The Case for Regulating Laboratory-Developed Tests

LDTs need regulation to prevent abuses and protect the public health.

Bradley Merrill Thompson and Leah R. Kendall

For years, the IVD industry, clinical laboratories, and patient groups have debated the appropriate regulatory scheme for laboratory-developed tests (LDTs). More recently, FDA has ventured into the debate. For example, in addition to taking some enforcement measures, FDA issued the in vitro diagnostic multivariate index assay (IVDMIA) draft guidance and the revised analyte specific reagent (ASR) guidance, both of which strive to help draw the dividing line between LDTs and IVDs. FDA’s fundamental policy, however, has not changed substantially—the agency continues to exercise its enforcement discretion and not regulate most LDTs in a comprehensive fashion.

This first of a two-part column will explain why FDA should regulate LDTs and how the agency has dealt with a prior, analogous regulatory issue. Part two of this article will examine often-cited arguments for not regulating LDTs and explain why each argument falls short of justifying the agency’s inaction.

Doing Nothing Means Harming Patients

A high percentage of diagnostic tests are lab-made and unregulated by FDA. Eight years ago, experts estimated that LDTs accounted for 30 percent of the nearly $5-billion market for life science reagents.1 More recently, in 2006, laboratory industry revenues were valued at approximately $48.5 billion, with predicted growth of $51.7 billion in 2007.2

Further, clinical labs do not limit their LDT offerings to rare diseases or conditions for which no FDA approved lab test is available. In fact, clinical labs make and use their own tests for common, high-volume testing. Moreover, even when FDA-approved lab tests are available, labs often continue to use their own tests. The Secretary’s Advisory Committee on Genetics, Health, and Society (SACGHS) estimated that while tests for more than 1500 genetic diseases are offered in 1254 clinical laboratories, FDA has cleared or approved only “several dozen” genetic tests, obviously a far cry from the 1500 tests for genetic conditions on the market today.3

There are significant numbers of LDTs out there, and most genetic tests in use today are LDTs that have not been reviewed by FDA. The healthcare system relies on these tests for important diagnostic information. With up to 80% of all medical decisions relying on clinical laboratory tests, and up to ten billion lab tests performed in the United States each year,4 the potential risk posed by LDTs that are without FDA oversight cannot be overstated. Not only is their use widespread, but these LDTs are also being used to make critical decisions about patient care.
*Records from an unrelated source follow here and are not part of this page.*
Lemma pentagon_inv_l (a b c d : V) :
  (asc a b c ⊗' idm d) ∘ asci (a ⊗ b) c d ∘ asci a b (c ⊗ d)
  = asci a (b ⊗ c) d ∘ (idm a ⊗' asci b c d).
Proof.
  rw (pentagon_inv _ _ _ _). rw (tensm_comp_l _ _ _ _ _ _). rw (asc_asci V _ _ _).
  reflexivity.
Qed.

Lemma tensm_unit_inj (a b : V) (f g : hom a b) :
  f ⊗' idm unit_ob = g ⊗' idm unit_ob -> f = g.
Proof.
  intro H. rewrite <- (comp_idr V _ _ f), <- (comp_idr V _ _ g), <- (ru_rui V a).
  rewrite !comp_assoc, <- !ru_nat, H. reflexivity.
Qed.

(* Kelly's coherence consequence of the triangle and pentagon axioms. *)
Lemma ru_asci (a b : V) : ru (a ⊗ b) ∘ asci a b unit_ob = idm a ⊗' ru b.
Proof.
  assert (K : asc a b unit_ob ∘ (ru (a ⊗ b) ⊗' idm unit_ob)
             = asc a b unit_ob ∘ (((idm a ⊗' ru b) ∘ asc a b unit_ob) ⊗' idm unit_ob)).
  { rewrite <- (triangle V (a ⊗ b) unit_ob), <- (tensm_id V a b).
    rewrite comp_assoc, asc_nat, <- comp_assoc, pentagon_l. normalize_comp.
    rw (tensm_comp_r _ _ _ _ (idm b ⊗' lu unit_ob) (asc b unit_ob unit_ob)).
    rw (triangle V _ _).
    rw <- (asc_nat V _ _ _ _ _ _ (idm a) (ru b) (idm unit_ob)). expand_tensm. reflexivity. }
  assert (H : ru (a ⊗ b) = (idm a ⊗' ru b) ∘ asc a b unit_ob).
  { apply tensm_unit_inj.
    rewrite <- (comp_idl V _ _ (ru (a ⊗ b) ⊗' idm unit_ob)), <- (asci_asc V a b unit_ob).
    rewrite <- comp_assoc, K. normalize_comp. rw (asci_asc V _ _ _). reflexivity. }
  rewrite H, <- comp_assoc, asc_asci, comp_idr. reflexivity.
Qed.

End Coherence.

Section Corings.
Context {V : MonCat} {C : V} (Δ : hom C (C ⊗ C)).

Lemma lcoact_tens (Y Z : V) :
  asc C C (Y ⊗ Z) ∘ (Δ ⊗' idm (Y ⊗ Z))
  = (idm C ⊗' asc C Y Z) ∘ asc C (C ⊗ Y) Z ∘ (asc C C Y ⊗' idm Z)
      ∘ ((Δ ⊗' idm Y) ⊗' idm Z) ∘ asci C Y Z.
Proof.
  rw <- (pentagon_l _ _ _ _). rw (asc_nat V _ _ _ _ _ _ _ _ _). rw (asc_asci V _ _ _).
  reflexivity.
Qed.

(* The cofree extension of [A]; for [D = C] and [A = x] it is [rcoact Δ x]. *)
Definition lift_coact {X D : V} (A : hom (C ⊗ X) (X ⊗ D)) : hom (C ⊗ X) ((C ⊗ X) ⊗ D) :=
  asci C X D ∘ (idm C ⊗' A) ∘ asc C C X ∘ (Δ ⊗' idm X).

Hypothesis Δ_coassoc : asc C C C ∘ (Δ ⊗' idm C) ∘ Δ = (idm C ⊗' Δ) ∘ Δ.

Lemma Δ_tens_coassoc (X : V) :
  (Δ ⊗' idm (C ⊗ X)) ∘ asc C C X ∘ (Δ ⊗' idm X)
  = asci C C (C ⊗ X) ∘ (idm C ⊗' asc C C X) ∘ (idm C ⊗' (Δ ⊗' idm X))
      ∘ asc C C X ∘ (Δ ⊗' idm X).
Proof.
  assert (H : (Δ ⊗' idm C) ∘ Δ = asci C C C ∘ (idm C ⊗' Δ) ∘ Δ).
  { rw <- Δ_coassoc. rw (asci_asc V _ _ _). reflexivity. }
  rw (asc_nat_l _ _ _ _ Δ). rw (tensm_comp_l _ _ _ _ _ _). rewrite H. expand_tensm.
  rw (pentagon_asci_l _ _ _ _). rw (asc_nat V _ _ _ _ _ _ _ _ _). reflexivity.
Qed.

Lemma lift_coact_twice {X D : V} (A : hom (C ⊗ X) (X ⊗ D)) :
  asc (C ⊗ X) D D ∘ (lift_coact A ⊗' idm D) ∘ lift_coact A
  = asci C X (D ⊗ D) ∘ (idm C ⊗' (asc X D D ∘ (A ⊗' idm D) ∘ lift_coact A))
      ∘ asc C C X ∘ (Δ ⊗' idm X).
Proof.
  unfold lift_coact. expand_tensm.
  rw <- (asci_nat _ _ _ _ _ _ Δ (idm X) (idm D)).
  rw (tensm_swap _ _ _ _ Δ A). rw (Δ_tens_coassoc X).
  rw <- (asci_nat_r _ _ _ _ A). rw (pentagon_inv_l _ _ _ _).
  rw <- (asci_nat _ _ _ _ _ _ (idm C) A (idm D)).
  rw (pentagon_asci_l _ _ _ _). rw (asc_asci V _ _ _).
  repeat rw (tensm_comp_r _ _ _ _ _ _). reflexivity.
Qed.

Lemma lift_coact_coassoc {X D : V} (A : hom (C ⊗ X) (X ⊗ D)) (ΔD : hom D (D ⊗ D)) :
  asc X D D ∘ (A ⊗' idm D) ∘ lift_coact A = (idm X ⊗' ΔD) ∘ A ->
  asc (C ⊗ X) D D ∘ (lift_coact A ⊗' idm D) ∘ lift_coact A
  = (idm (C ⊗ X) ⊗' ΔD) ∘ lift_coact A.
Proof.
  intro HA. rewrite lift_coact_twice, HA. unfold lift_coact. normalize_comp.
  rw <- (asci_nat_r _ _ _ _ ΔD). rw (tensm_comp_r _ _ _ _ (idm X ⊗' ΔD) A). reflexivity.
Qed.

End Corings.

Lemma twisted_coassoc_core {V : MonCat} {C X M : V} (Δ : hom C (C ⊗ C))
    (m : hom (C ⊗ M) (M ⊗ C)) (δ : hom (C ⊗ M) (C ⊗ (M ⊗ M)))
    (x : hom (C ⊗ X) (X ⊗ C)) (r : hom (C ⊗ X) ((C ⊗ X) ⊗ M))
    (R : hom (C ⊗ X) ((C ⊗ X) ⊗ C)) (L : hom (C ⊗ X) (C ⊗ (C ⊗ X))) :
  (idm X ⊗' Δ) ∘ x = asc X C C ∘ (x ⊗' idm C) ∘ R ->
  (r ⊗' idm C) ∘ R
    = asci (C ⊗ X) M C ∘ (idm (C ⊗ X) ⊗' m) ∘ asc (C ⊗ X) C M ∘ (R ⊗' idm M) ∘ r ->
  (idm X ⊗' δ) ∘ asc X C M ∘ (x ⊗' idm M) ∘ r
    = asc X C (M ⊗ M) ∘ (x ⊗' idm (M ⊗ M)) ∘ asc (C ⊗ X) M M ∘ (r ⊗' idm M) ∘ r ->
  (L ⊗' idm M) ∘ r = asci C (C ⊗ X) M ∘ (idm C ⊗' r) ∘ L ->
  asc (C ⊗ X) C M ∘ (R ⊗' idm M) ∘ r
    = asci C X (C ⊗ M) ∘ (idm C ⊗' asc X C M) ∘ (idm C ⊗' (x ⊗' idm M))
        ∘ (idm C ⊗' r) ∘ L ->
  R = asci C X C ∘ (idm C ⊗' x) ∘ L ->
  asc X (C ⊗ M) (C ⊗ M) ∘ ((asc X C M ∘ (x ⊗' idm M) ∘ r) ⊗' idm (C ⊗ M))
    ∘ asc (C ⊗ X) C M ∘ (R ⊗' idm M) ∘ r
  = (idm X ⊗' Dprime Δ m δ) ∘ asc X C M ∘ (x ⊗' idm M) ∘ r.
Proof.
  intros x_Δ r_rcolin r_δ r_lcolin R_r R_lift.
  rewrite <- (tensm_comp_l _ _ _ _ (asc X C M ∘ (x ⊗' idm M)) r).
  rw <- (tensm_comp_l _ _ _ _ (asc X C M) (x ⊗' idm M)).
  rw (asc_nat_l _ _ _ _ r). rw (tensm_comp_l _ _ _ _ (r ⊗' idm C) R).
  rewrite r_rcolin. expand_tensm.
  rewrite R_lift. expand_tensm.
  rw (asc_nat_l _ _ _ _ (x ⊗' idm M)).
  rw (tensm_comp_l _ _ _ _ ((x ⊗' idm M) ⊗' idm C) (asci (C ⊗ X) M C)).
  rw <- (asci_nat _ _ _ _ _ _ x (idm M) (idm C)). expand_tensm.
  rw (tensm_comp_l _ _ _ _ (x ⊗' idm (M ⊗ C)) (idm (C ⊗ X) ⊗' m)).
  rw (tensm_swap _ _ _ _ x m). expand_tensm.
  rw (tensm_comp_l _ _ _ _ (x ⊗' idm (C ⊗ M)) (asc (C ⊗ X) C M)).
  rw (asc_nat_l _ _ _ _ x). expand_tensm.
  assert (r_lcolin' : (idm C ⊗' r) ∘ L = asc C (C ⊗ X) M ∘ (L ⊗' idm M) ∘ r).
  { rw r_lcolin. rw (asc_asci V _ _ _). reflexivity. }
  unfold Dprime. expand_tensm.
  rw <- (asc_nat V _ _ _ _ _ _ (idm X) Δ (idm M)).
  rw (tensm_comp_l _ _ _ _ (idm X ⊗' Δ) x). rewrite x_Δ. expand_tensm.
  rw <- (pentagon_l _ _ _ _).
  rw <- (asc_nat_r _ _ _ _ δ).
  rw <- (asc_nat_l _ _ _ _ x). rw <- (tensm_swap _ _ _ _ x δ).
  rw R_r. rw <- (asci_nat_r _ _ _ _ δ).
  do 3 rw (tensm_comp_r _ _ _ _ _ _). rewrite r_δ. expand_tensm.
  rw r_lcolin'. rw <- (asc_nat V _ _ _ _ _ _ (idm C) r (idm M)).
  rw (tensm_comp_l _ _ _ _ (idm C ⊗' r) L). rewrite r_lcolin'. expand_tensm.
  rw <- (pentagon_l _ _ _ _).
  rw <- (asc_nat V _ _ _ _ _ _ (idm C) x (idm (M ⊗ M))).
  rw (asc_nat_l _ _ _ _ (idm C ⊗' x)).
  rw <- (pentagon_asci_l _ _ _ _). rw (asc_nat_l _ _ _ _ (asci C X C)).
  rw (asc_nat_l _ _ _ _ x). rw (asc_nat_l _ _ _ _ (x ⊗' idm C)).
  rw <- (asc_nat_r _ _ _ _ (asci C M M)). rw (pentagon_l _ _ _ _).
  rw (tensm_comp_r _ _ _ _ (asci C M M) (asc C M M)). rw (asci_asc V _ _ _).
  rw <- (asc_nat_r _ _ _ _ (m ⊗' idm M)).
  rw <- (asc_nat V _ _ _ _ _ _ (idm (X ⊗ C)) m (idm M)).
  rw (pentagon_asci_l _ _ _ _). rw (pentagon_asci_r _ _ _ _).
  rw (asc_nat_r _ _ _ _ (asc M C M)).
  reflexivity.
Qed.

Section ComoduleCoaction.
Context {V : MonCat} {C : V} (Δ : hom C (C ⊗ C)) {X M : V}
  (x : hom (C ⊗ X) (X ⊗ C)) (ρ : hom (C ⊗ X) (C ⊗ (X ⊗ M))).

Definition twisted_coact : hom (C ⊗ X) (X ⊗ (C ⊗ M)) :=
  asc X C M ∘ (x ⊗' idm M) ∘ asci C X M ∘ ρ.

Lemma Ocoact_lift : Ocoact Δ x ρ = lift_coact Δ twisted_coact.
Proof. unfold Ocoact, lift_coact, twisted_coact. expand_tensm. reflexivity. Qed.

Lemma Ocoact_rcoact :
  lcoact Δ (X ⊗ M) ∘ ρ = (idm C ⊗' ρ) ∘ lcoact Δ X ->
  Ocoact Δ x ρ = asc (C ⊗ X) C M ∘ (rcoact Δ x ⊗' idm M) ∘ asci C X M ∘ ρ.
Proof.
  unfold lcoact, Ocoact, rcoact. intro Hl. rewrite !comp_assoc in Hl.
  rw <- Hl. rw (lcoact_tens _ _ _).
  rw (tensm_comp_r _ _ _ _ (asci C X M) (asc C X M)). rw (asci_asc V _ _ _).
  rw <- (asc_nat V _ _ _ _ _ _ (idm C) x (idm M)). rw <- (pentagon_asci_l _ _ _ _).
  expand_tensm. reflexivity.
Qed.

Lemma Ocoact_counit (ε : hom C unit_ob) (ξ : hom (C ⊗ M) C) :
  ru C ∘ (idm C ⊗' ε) ∘ Δ = idm C ->
  ru X ∘ (idm X ⊗' ε) ∘ x = lu X ∘ (ε ⊗' idm X) ->
  (idm X ⊗' ξ) ∘ asc X C M ∘ (x ⊗' idm M) ∘ asci C X M ∘ ρ = x ->
  ru (C ⊗ X) ∘ (idm (C ⊗ X) ⊗' eprime ε ξ) ∘ Ocoact Δ x ρ = idm (C ⊗ X).
Proof.
  intros Δ_counit x_counit ρ_counit. unfold eprime, Ocoact. expand_tensm.
  rw <- (asci_nat_r _ _ _ _ ξ). do 4 rw (tensm_comp_r _ _ _ _ _ _). rewrite ρ_counit.
  rw <- (asci_nat_r _ _ _ _ ε). rw (ru_asci _ _).
  do 2 rw (tensm_comp_r _ _ _ _ _ _). rewrite x_counit. expand_tensm.
  rw <- (asc_nat V _ _ _ _ _ _ (idm C) ε (idm X)). rw (triangle V _ _).
  do 2 rw (tensm_comp_l _ _ _ _ _ _). rewrite Δ_counit. normalize_comp. reflexivity.
Qed.

End ComoduleCoaction.

Lemma Ocoact_map {V : MonCat} {C X X' M : V} (Δ : hom C (C ⊗ C))
    (x : hom (C ⊗ X) (X ⊗ C)) (x' : hom (C ⊗ X') (X' ⊗ C))
    (ρ : hom (C ⊗ X) (C ⊗ (X ⊗ M))) (ρ' : hom (C ⊗ X') (C ⊗ (X' ⊗ M)))
    (f : hom (C ⊗ X) (C ⊗ X')) :
  lcoact Δ (X ⊗ M) ∘ ρ = (idm C ⊗' ρ) ∘ lcoact Δ X ->
  lcoact Δ (X' ⊗ M) ∘ ρ' = (idm C ⊗' ρ') ∘ lcoact Δ X' ->
  rcoact Δ x' ∘ f = (f ⊗' idm C) ∘ rcoact Δ x ->
  ρ' ∘ f = asc C X' M ∘ (f ⊗' idm M) ∘ asci C X M ∘ ρ ->
  Ocoact Δ x' ρ' ∘ f = (f ⊗' idm (C ⊗ M)) ∘ Ocoact Δ x ρ.
Proof.
  intros Hl Hl' f_rcolin f_colin.
  rewrite (Ocoact_rcoact _ _ _ Hl), (Ocoact_rcoact _ _ _ Hl'). normalize_comp.
  rw f_colin. rw (asci_asc V _ _ _). rw (tensm_comp_l _ _ _ _ (rcoact Δ x') f).
  rw f_rcolin. expand_tensm. rw (asc_nat V _ _ _ _ _ _ _ _ _). reflexivity.
Qed.

Section ComoduleCoassoc.
Context {V : MonCat} {C : V} (Δ : hom C (C ⊗ C)) {X M : V}
  (m : hom (C ⊗ M) (M ⊗ C)) (δ : hom (C ⊗ M) (C ⊗ (M ⊗ M)))
  (x : hom (C ⊗ X) (X ⊗ C)) (ρ : hom (C ⊗ X) (C ⊗ (X ⊗ M))).

Lemma asci_lcolin :
  lcoact Δ (X ⊗ M) ∘ ρ = (idm C ⊗' ρ) ∘ lcoact Δ X ->
  (lcoact Δ X ⊗' idm M) ∘ (asci C X M ∘ ρ)
  = asci C (C ⊗ X) M ∘ (idm C ⊗' (asci C X M ∘ ρ)) ∘ lcoact Δ X.
Proof.
  unfold lcoact. intro Hl. rewrite !comp_assoc in Hl. expand_tensm.
  rw <- Hl. rw (lcoact_tens _ _ _).
  rw (tensm_comp_r _ _ _ _ (asci C X M) (asc C X M)). rw (asci_asc V _ _ _).
  rw (asci_asc V _ _ _). reflexivity.
Qed.
(* Let $\Xi=\{(x_1,x_2): x_1,x_2\ge 0,\ x_1+x_2\le 1\}$, $x_0=1-x_1-x_2$, and for $\beta>0$ let $F_\beta(\mathbf{x})=-\frac12|\sum_{k=0}^2x_k\mathbf{v}_k|^2+\frac1\beta\sum_{k=0}^2x_k\log(3x_k)$ with $\mathbf{v}_k=(\cos(2\pi k/3),\sin(2\pi k/3))$. Let $\beta_1=2$, $\mathbf{p}=(1/3,1/3)$, and let $\beta_3$, $\mathbf{m}_i^\beta$, $\boldsymbol{\sigma}_i^\beta$ be as in the context. Then the critical points of $F_\beta$ in the interior of $\Xi$ are as follows: (1) For $\beta\in(0,\beta_3)$, $\mathbf{p}$ is the unique critical point, and $\mathbf{p}$ is the global minimum of $F_\beta$. (2) For $\beta=\beta_3$, the critical points are exactly $\mathbf{m}_0^\beta,\mathbf{m}_1^\beta,\mathbf{m}_2^\beta$ and $\mathbf{p}$. The first three are degenerate critical points which are not local minima, while $\mathbf{p}$ is the global minimum. (3) For $\beta\in(\beta_3,\beta_1)$, the critical points are exactly the four local minima $\mathbf{m}_0^\beta,\mathbf{m}_1^\beta,\mathbf{m}_2^\beta,\mathbf{p}$ and the three saddle points $\boldsymbol{\sigma}_0^\beta,\boldsymbol{\sigma}_1^\beta,\boldsymbol{\sigma}_2^\beta$. (4) For $\beta=\beta_1$, the critical points are exactly $\mathbf{m}_0^\beta,\mathbf{m}_1^\beta,\mathbf{m}_2^\beta$ and $\mathbf{p}$. The first three are local minima, and $\mathbf{p}$ is a degenerate critical point which is not a local minimum. (5) For $\beta\in(\beta_1,\infty)$, the critical points are exactly the three global minima $\mathbf{m}_0^\beta,\mathbf{m}_1^\beta,\mathbf{m}_2^\beta$, the three saddle points $\boldsymbol{\sigma}_0^\beta,\boldsymbol{\sigma}_1^\beta,\boldsymbol{\sigma}_2^\beta$, and the local maximum $\mathbf{p}$.
   Context: Convention $0\log0=0$. Define $f_0:(0,1/2)\to\mathbb{R}$ by $f_0(t)=\frac{2}{3(1-3t)}\log\frac{1-2t}{t}$ for $t\ne 1/3$ and $f_0(1/3)=2$. Let $m_0$ be the point at which $f_0$ attains its minimum (numerically $m_0\approx 0.2076$) and $\beta_3=f_0(m_0)$ (numerically $\approx1.8304$). For $\beta>\beta_3$ the equation $f_0(t)=\beta$ has exactly two solutions $p_\beta<m_0<q_\beta$ in $(0,1/2)$; for $\beta=\beta_3$ set $p_\beta=q_\beta=m_0$. For $\beta\ge\beta_3$ define $\mathbf{m}_0^\beta=(p_\beta,p_\beta)$, $\mathbf{m}_1^\beta=(1-2p_\beta,p_\beta)$, $\mathbf{m}_2^\beta=(p_\beta,1-2p_\beta)$, $\boldsymbol{\sigma}_0^\beta=(q_\beta,q_\beta)$, $\boldsymbol{\sigma}_1^\beta=(1-2q_\beta,q_\beta)$, $\boldsymbol{\sigma}_2^\beta=(q_\beta,1-2q_\beta)$. A critical point is called degenerate if the determinant of the Hessian of $F_\beta$ there vanishes; a saddle point is a critical point at which the Hessian has one positive and one negative eigenvalue. *)

From Stdlib Require Import Reals Lra.
From Coquelicot Require Import Coquelicot.
Open Scope R_scope.

Definition plogp (t : R) : R :=
  if Req_EM_T t 0 then 0 else t * ln (3 * t).

Definition vx (k : R) : R := cos (2 * PI * k / 3).
Definition vy (k : R) : R := sin (2 * PI * k / 3).

(* the point (x1,x2) of Xi, with x0 = 1 - x1 - x2 *)
Definition in_Xi (x1 x2 : R) : Prop := 0 <= x1 /\ 0 <= x2 /\ x1 + x2 <= 1.
Definition in_int_Xi (x1 x2 : R) : Prop := 0 < x1 /\ 0 < x2 /\ x1 + x2 < 1.

Definition F (beta x1 x2 : R) : R :=
  let x0 := 1 - x1 - x2 in
  let s1 := x0 * vx 0 + x1 * vx 1 + x2 * vx 2 in
  let s2 := x0 * vy 0 + x1 * vy 1 + x2 * vy 2 in
  - / 2 * (s1 ^ 2 + s2 ^ 2) + / beta * (plogp x0 + plogp x1 + plogp x2).

Definition d1F (beta a b : R) : R := Derive (fun t => F beta t b) a.
Definition d2F (beta a b : R) : R := Derive (fun t => F beta a t) b.

Definition H11 (beta a b : R) : R := Derive (fun t => d1F beta t b) a.
Definition H12 (beta a b : R) : R := Derive (fun t => d1F beta a t) b.
Definition H21 (beta a b : R) : R := Derive (fun t => d2F beta t b) a.
Definition H22 (beta a b : R) : R := Derive (fun t => d2F beta a t) b.

Definition hess_det (beta a b : R) : R :=
  H11 beta a b * H22 beta a b - H12 beta a b * H21 beta a b.

Definition hess_eigenvalue (beta a b l : R) : Prop :=
  (H11 beta a b - l) * (H22 beta a b - l) - H12 beta a b * H21 beta a b = 0.

Definition critical (beta a b : R) : Prop :=
  d1F beta a b = 0 /\ d2F beta a b = 0.

Definition degenerate_critical (beta a b : R) : Prop :=
  critical beta a b /\ hess_det beta a b = 0.

Definition saddle (beta a b : R) : Prop :=
  critical beta a b /\
  exists l1 l2, 0 < l1 /\ l2 < 0 /\
    hess_eigenvalue beta a b l1 /\ hess_eigenvalue beta a b l2.

Definition global_min (beta a b : R) : Prop :=
  forall y1 y2, in_Xi y1 y2 -> F beta a b <= F beta y1 y2.

Definition local_min (beta a b : R) : Prop :=
  exists eps, 0 < eps /\ forall y1 y2, in_Xi y1 y2 ->
    (y1 - a) ^ 2 + (y2 - b) ^ 2 < eps ^ 2 -> F beta a b <= F beta y1 y2.

Definition local_max (beta a b : R) : Prop :=
  exists eps, 0 < eps /\ forall y1 y2, in_Xi y1 y2 ->
    (y1 - a) ^ 2 + (y2 - b) ^ 2 < eps ^ 2 -> F beta y1 y2 <= F beta a b.

Definition f0 (t : R) : R :=
  if Req_EM_T t (1/3) then 2 else 2 / (3 * (1 - 3 * t)) * ln ((1 - 2 * t) / t).

Definition beta1 : R := 2.

(* With x0 = 1 - x1 - x2, F = 1/4 + phi(x0) + phi(x1) + phi(x2) where
   phi(x) = -3x^2/4 + x log(3x)/beta, so (x1,x2) is critical iff phi' takes the same value
   at x0, x1, x2.  Since phi' increases up to 2/(3 beta) and decreases afterwards, two
   coordinates agree: the critical points are the points (t,t), (1-2t,t), (t,1-2t) for the
   zeros t of K(t) = log((1-2t)/t) - 3 beta (1-3t)/2, i.e. t = 1/3 or f0(t) = beta.  K' has
   the sign of the concave quadratic 9 beta t (1-2t) - 2, so by Rolle K has at most three
   zeros, and the way they interlace with the roots of K' gives the sign of K, hence the
   monotonicity of F on the symmetric line (where F' = -2K/beta) and the sign of the Hessian
   determinant.  Minima on the line are minima in the plane because
   2 phi((u+v)/2) <= phi(u) + phi(v) when (u+v)/2 <= 2/(3 beta), and spreading mass apart
   above 2/(3 beta) lowers F, so every point of the simplex can be pushed onto the line
   without increasing F; the maximum at (1/3,1/3) comes from concavity of phi above
   2/(3 beta). *)

From Stdlib Require Import Reals Lra Psatz.
From Coquelicot Require Import Coquelicot.
Open Scope R_scope.

(** * The energy as a sum over coordinates *)

Definition phi (b x : R) : R := - (3/4) * x ^ 2 + / b * plogp x.
Definition dphi (b x : R) : R := - (3/2) * x + / b * (ln (3 * x) + 1).
Definition d2phi (b x : R) : R := - (3/2) + / (b * x).

Lemma plogp_pos x : 0 < x -> plogp x = x * ln (3 * x).
Proof. intros Hx. unfold plogp. destruct (Req_EM_T x 0); [lra | reflexivity]. Qed.

Lemma phi_0 b : phi b 0 = 0.
Proof. unfold phi, plogp. destruct (Req_EM_T 0 0); [ring | lra]. Qed.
The following excerpt is from page 19 of “Laboratory Medicine: A National Status Report,” published in May 2008 by The Lewin Group for CDC and other agencies:

“Laboratory medicine is an essential element of the health care system. It is integral to many clinical decisions, providing physicians, nurses, and other healthcare providers with often pivotal information for prevention, diagnosis, treatment, and management of disease. Laboratory tests and services supply clinicians with information necessary to provide high quality, safe, effective, and appropriate care to patients. The key role of laboratory testing is reflected in evidence-based medicine and clinical practice guidelines. Healthcare providers, quality assurance organizations, and payers are incorporating selected laboratory tests into indicators to objectively assess quality of care for individual patients and populations and to support payment policies.”

Moreover, diagnostic technologies will continue to play an ever-increasing role in improving patients’ outcomes and reducing healthcare costs.

Because of this dynamic role, providing the right regulatory scheme for LDTs is critical. A number of points must be taken into consideration to determine what form of oversight works best.

LDTs have hurt patients. Because labs are not required to report adverse events, and because there is no systemic collection of safety data related to LDTs, quantifying the public health impact of LDTs is difficult. However, over the years, numerous reports-such as “Public Health at Risk: Failures in Oversight of Genetic Testing Laboratories” by Gail Javitt and Kathy Hudson-have accumulated, detailing many instances where LDTs have hurt patients.5

CLIA is not equivalent to FDA. FDA’s refusal to exercise its authority to regulate diagnostic tests manufactured and used by clinical laboratories also cannot be defended on the grounds that other regulation compensates for the omission. Although clinical laboratories are regulated under CLIA, the amendments lack the protective mechanisms of FDA regulations governing diagnostic tests. While CLIA provides adequate protection for customization services, it does not provide adequate public health protections for large-scale manufacturing like FDA regulation does. In particular:

• CLIA lacks mechanisms for external review or approval of LDTs.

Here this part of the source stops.